- [Exercise requirements]
Quote exactly and only this range of lines in the data below: the line that holds "[x <= a t^2 / 2]" to the line that holds "[c (a I0 (t", both included.

- [Exercise material]
(* Let $p\ge 1$ and $c>0$ be constants. For $a>0$ let $x_a:[0,\infty)\to\mathbb{R}$ be the unique solution of $$x'''+c\,x^p\, x''=0,\qquad x(0)=0=x'(0),\quad x''(0)=a,$$ and let $h(a):=\lim_{t\to\infty}x_a'(t)$ (which exists and is finite). Define $$c_2:=\Gamma\!\left(\tfrac{1}{2p+1}\right)\left(\frac{2^p}{c\,(2p+1)^{2p}}\right)^{\frac{1}{2p+1}},\qquad c_3:=\Gamma\!\left(\tfrac{2}{2p+1}\right)(2p+1)^{\frac{1-2p}{2p+1}}\left(\frac{2^p}{c}\right)^{\frac{2}{2p+1}},$$ $$c_1:=\frac{c_3}{c_2}+\frac{\Gamma\big(1/(p+1)\big)}{c^{1/(p+1)}\,\big(c_2(p+1)\big)^{p/(p+1)}}.$$ Then for every $a>0$, $$c_2\, a^{(p+1)/(2p+1)}\le h(a)\le c_1\, a^{(p+1)/(2p+1)}.$$
   Context: $\Gamma$ denotes the Euler Gamma function. *)

From Stdlib Require Import Reals.
From Coquelicot Require Import Coquelicot.
Open Scope R_scope.

Definition Gamma (s : R) : R :=
  RInt_gen (fun t => Rpower t (s - 1) * exp (- t))
           (at_right 0) (Rbar_locally p_infty).

(* x^p for real exponent p >= 1; convention: 0 for x <= 0
   (the solutions considered are > 0 on (0,oo), x(0)=0, so this only fixes 0^p = 0). *)
Definition rpow (x p : R) : R :=
  if Rlt_dec 0 x then Rpower x p else 0.

Definition is_solution (p c a : R) (x x1 x2 : R -> R) : Prop :=
  (forall t, 0 < t -> is_derive x t (x1 t)) /\
  (forall t, 0 < t -> is_derive x1 t (x2 t)) /\
  (forall t, 0 < t -> is_derive x2 t (- (c * rpow (x t) p * x2 t))) /\
  filterlim x (at_right 0) (locally (x 0)) /\
  filterlim x1 (at_right 0) (locally (x1 0)) /\
  filterlim x2 (at_right 0) (locally (x2 0)) /\
  x 0 = 0 /\ x1 0 = 0 /\ x2 0 = a.

Definition const2 (p c : R) : R :=
  Gamma (1 / (2 * p + 1)) *
  Rpower (Rpower 2 p / (c * Rpower (2 * p + 1) (2 * p))) (1 / (2 * p + 1)).

Definition const3 (p c : R) : R :=
  Gamma (2 / (2 * p + 1)) *
  Rpower (2 * p + 1) ((1 - 2 * p) / (2 * p + 1)) *
  Rpower (Rpower 2 p / c) (2 / (2 * p + 1)).

Definition const1 (p c : R) : R :=
  const3 p c / const2 p c +
  Gamma (1 / (p + 1)) /
    (Rpower c (1 / (p + 1)) * Rpower (const2 p c * (p + 1)) (p / (p + 1))).

(* Along the solution, [x2 * exp (c * int_0^t x^p)] is constant, so [0 < x2 <= a]; hence
   [x <= a t^2 / 2] and [x2 >= a exp (- K t^(2p+1))] with [K = c a^p / (2^p (2p+1))].
   Integrating twice, [x1 >= a int_0^t exp (- K s^(2p+1)) ds] and [x >= a I0 (t - T)], where
   [I0] and [I1] are the zeroth and first moments of [exp (- K s^(2p+1))] on [[0, oo)] and
   [T = I1 / I0].  Past [T] the damping rate [c x^p] is therefore at least
   [c (a I0 (t - T))^p], which forces [x2 <= a exp (- L (t - T)^(p+1))] with
   [L = c (a I0)^p / (p + 1)], and [x1 <= a T + a J] with [J = int_0^oo exp (- L s^(p+1)) ds].
   The nondecreasing [x1] thus converges to some [h] with [a I0 <= h <= a T + a J], and the
   substitution [u = K s^r] turns [I0], [I1] and [J] into the Gamma values that make up
   [c2 a^((p+1)/(2p+1))], [(c3 / c2) a^((p+1)/(2p+1))] and the second summand of [c1]. *)

From Stdlib Require Import Reals Lra Lia Classical_Prop.
From Coquelicot Require Import Coquelicot.
Open Scope R_scope.

Lemma ball_Rabs (x e y : R) : ball x e y <-> Rabs (y - x) < e.
Proof. reflexivity. Qed.

Lemma ball_between (x e y : R) : ball x e y -> x - e < y < x + e.
Proof. intros H. pose proof (proj1 (Rabs_lt_between (y - x) e) H). lra. Qed.

Lemma is_derive_continuous (f : R -> R) t l : is_derive f t l -> continuous f t.
Proof. intros H. apply (ex_derive_continuous (V:=R_NormedModule)). now exists l. Qed.

Lemma continuous_Rmult (f g : R -> R) t :
  continuous f t -> continuous g t -> continuous (fun y => f y * g y) t.
Proof. apply (continuous_mult (K:=R_AbsRing)). Qed.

- [Solution to the exercise]
   [x <= a t^2 / 2] and [x2 >= a exp (- K t^(2p+1))] with [K = c a^p / (2^p (2p+1))].
   Integrating twice, [x1 >= a int_0^t exp (- K s^(2p+1)) ds] and [x >= a I0 (t - T)], where
   [I0] and [I1] are the zeroth and first moments of [exp (- K s^(2p+1))] on [[0, oo)] and
   [T = I1 / I0].  Past [T] the damping rate [c x^p] is therefore at least
   [c (a I0 (t - T))^p], which forces [x2 <= a exp (- L (t - T)^(p+1))] with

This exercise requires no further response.